Hello Peeps, Its time for us to ask ourselves what the perfect excuse is.  Rather than run from the responsibility of answering this question, the manner, and time to give the excuse is in our hands.

It is probable to say that babies love their new toys and switch on to the next new thing when the time is right.  Note: even babies have the perfect excuse.

Relationships in the stage of novelty have a way of enveloping your entire being and consciousness.  Why then does either party give the ‘perfect excuse’?

It was a sunny day at the beach and I watched the couple who looked like they were made in heaven stroll pass me.  I will not deny the fact that I was somewhat envious of what they shared.  I buried my head in shame for want of what was not and suddenly the bubble burst.  They screamed at each other as they walked briskly, she picked up her mat and made for the car park.  I was curious.  I followed.  It was then she became audible.  “You always say I am contentious!  That is not fair!” she broke down in tears and my heart was with her.

What is contention?  When did it become a crime to be assertive?  It’s okay to want to be the man but what is wrong with being a nice man.  Now he refers to her as contentious, it becomes his ‘perfect excuse’.  Oh please!  There is nothing wrong with saying what you feel, but what makes you more an Icon, is the ability to say it is over without a trivial excuse such as the ‘perfect’ one. From being contentious, he might suddenly realize she was never as beautiful as he thought. She on the other hand might realize he just enjoys putting her down. Where does the buck stop?

On the other hand for a man and woman to share a relationship and not have the ability to be genuinely expressive to each other there inherently would lay a problem.  Strong characteristics, build, focus, etc.

What is the basis for a male female relationship? If it is sex, please indulge. If you both decide that friendship comes first, please honor one another.
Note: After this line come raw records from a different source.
Lemma end_credit_early i j : (i < l - 2 \/ j < l - 2)%nat -> end_credit i j = 0.
Proof.
  intros H; unfold end_credit; destruct H as [H|H].
  - replace (l - i)%nat with (S (S (S (l - i - 3)))) by lia; reflexivity.
  - replace (l - j)%nat with (S (S (S (l - j - 3)))) by lia.
    destruct (l - i)%nat as [|[|[|]]]; reflexivity.
Qed.

Lemma end_credit_nonneg i j : 0 <= end_credit i j.
Proof.
  pose proof min_right_spec; unfold end_credit.
  destruct (l - i)%nat as [|[|[|]]], (l - j)%nat as [|[|[|]]]; cost_nonneg; lra.
Qed.

Lemma end_credit_step i j i' j' : valid_step (i, j) (i', j') -> (i' <= l)%nat -> (j' <= l)%nat ->
  end_credit i' j' <= end_credit i j + d i' j'.
Proof.
  intros Hs Hi Hj.
  assert (Hsteps : ((l - i = S (l - i') /\ l - j = l - j') \/ (l - i = l - i' /\ l - j = S (l - j')) \/
                    (l - i = S (l - i') /\ l - j = S (l - j')))%nat)
    by (destruct Hs as [[-> ->]|[[-> ->]|[-> ->]]]; lia).
  assert (Hi0 : (i <= l)%nat) by (destruct Hs as [[? ?]|[[? ?]|[? ?]]]; lia).
  assert (Hj0 : (j <= l)%nat) by (destruct Hs as [[? ?]|[[? ?]|[? ?]]]; lia).
  (* Writing every coordinate as l minus its distance to the corner makes end_credit
     compute and gives the cost terms the shape they have in min_right. *)
  assert (Hdist : forall x, (x <= l)%nat -> exists a, x = (l - a)%nat /\ (l - x = a)%nat).
  { intros x Hx; exists (l - x)%nat; split; lia. }
  clear Hs.
  destruct (Hdist i' Hi) as [a [-> Ha]], (Hdist j' Hj) as [b [-> Hb]],
           (Hdist i Hi0) as [a0 [-> Ha0]], (Hdist j Hj0) as [b0 [-> Hb0]].
  unfold end_credit; rewrite Ha, Hb, Ha0, Hb0 in *.
  pose proof min_right_spec.
  destruct Hsteps as [[-> ->]|[[-> ->]|[-> ->]]];
    destruct a as [|[|[|a]]]; destruct b as [|[|[|b]]];
    rewrite ?Nat.sub_0_r; cost_nonneg; lra.
Qed.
We never know how much people hurt until they finally speak.

From my point of view, I do believe that laying down the rules (not in a militant way) can definitely be the beginning of a more successful relationship.

Like a friend of mine says, “lets have a sit down”. That would work. All you need do is bear your minds as much as possible and let all hurt out. If you both decide its over and done with, then you both can move on. If you both think it was just a communication breakdown, pick up the pieces and pay your telephone bills. One common excuse is the “ I’ve been busy” excuse. Its a lot easier when you say “listen, you are not so important so checking up on you is not my priority….” Sounds cold but that is what they really mean to say but can’t blurt it out. If you need help, seek advice from the appropriate quarters.

Another common excuse could be the “I’ve got a headache”. When did headaches become the perfect excuse? Truth hurts but only for a while so, why not state the obvious and let your partner decipher what’s best for him or her?

*Catherine was so into her boyfriend that she could not help seeing him every day. What she could not understand was the fact that she was so attracted to him physically and all the other quarters that she could not lay her hands off him. Her shocker began when he won’t touch her but still be all lovey – dovey.

What was his excuse?

*Paul could not understand how a seemingly healthy relationship turned sour with his girlfriend. All she ever said to him was “I don’t feel up to it”. What exactly don’t you feel up to?

I am in no position to play judge but I still reserve the right to a point of view so I ask – where did the fire go? Was there a fire man who thought it was too dangerous to have two adults on fire so he put it out? Or is this a case of “ I want out” ?

When all seems strange, ask questions. This is not to say that you will not be blamed for the things you notice, it is only for clarification. When in doubt, press on…..the looming truth is always hanging around. Search for it…..

Peeps, relationships are delicate so handle them with kids’ gloves. Trying to work things out does not make you a lesser being; rather, it shows how strong you really are. If there are pieces to be picked up, do so. When the pendulum swings and the only way is the door, it’s your choice.

Is the perfect excuse the way out?

Nse Ikpe-Etim is an Actress and lives in Abuja, Nigeria.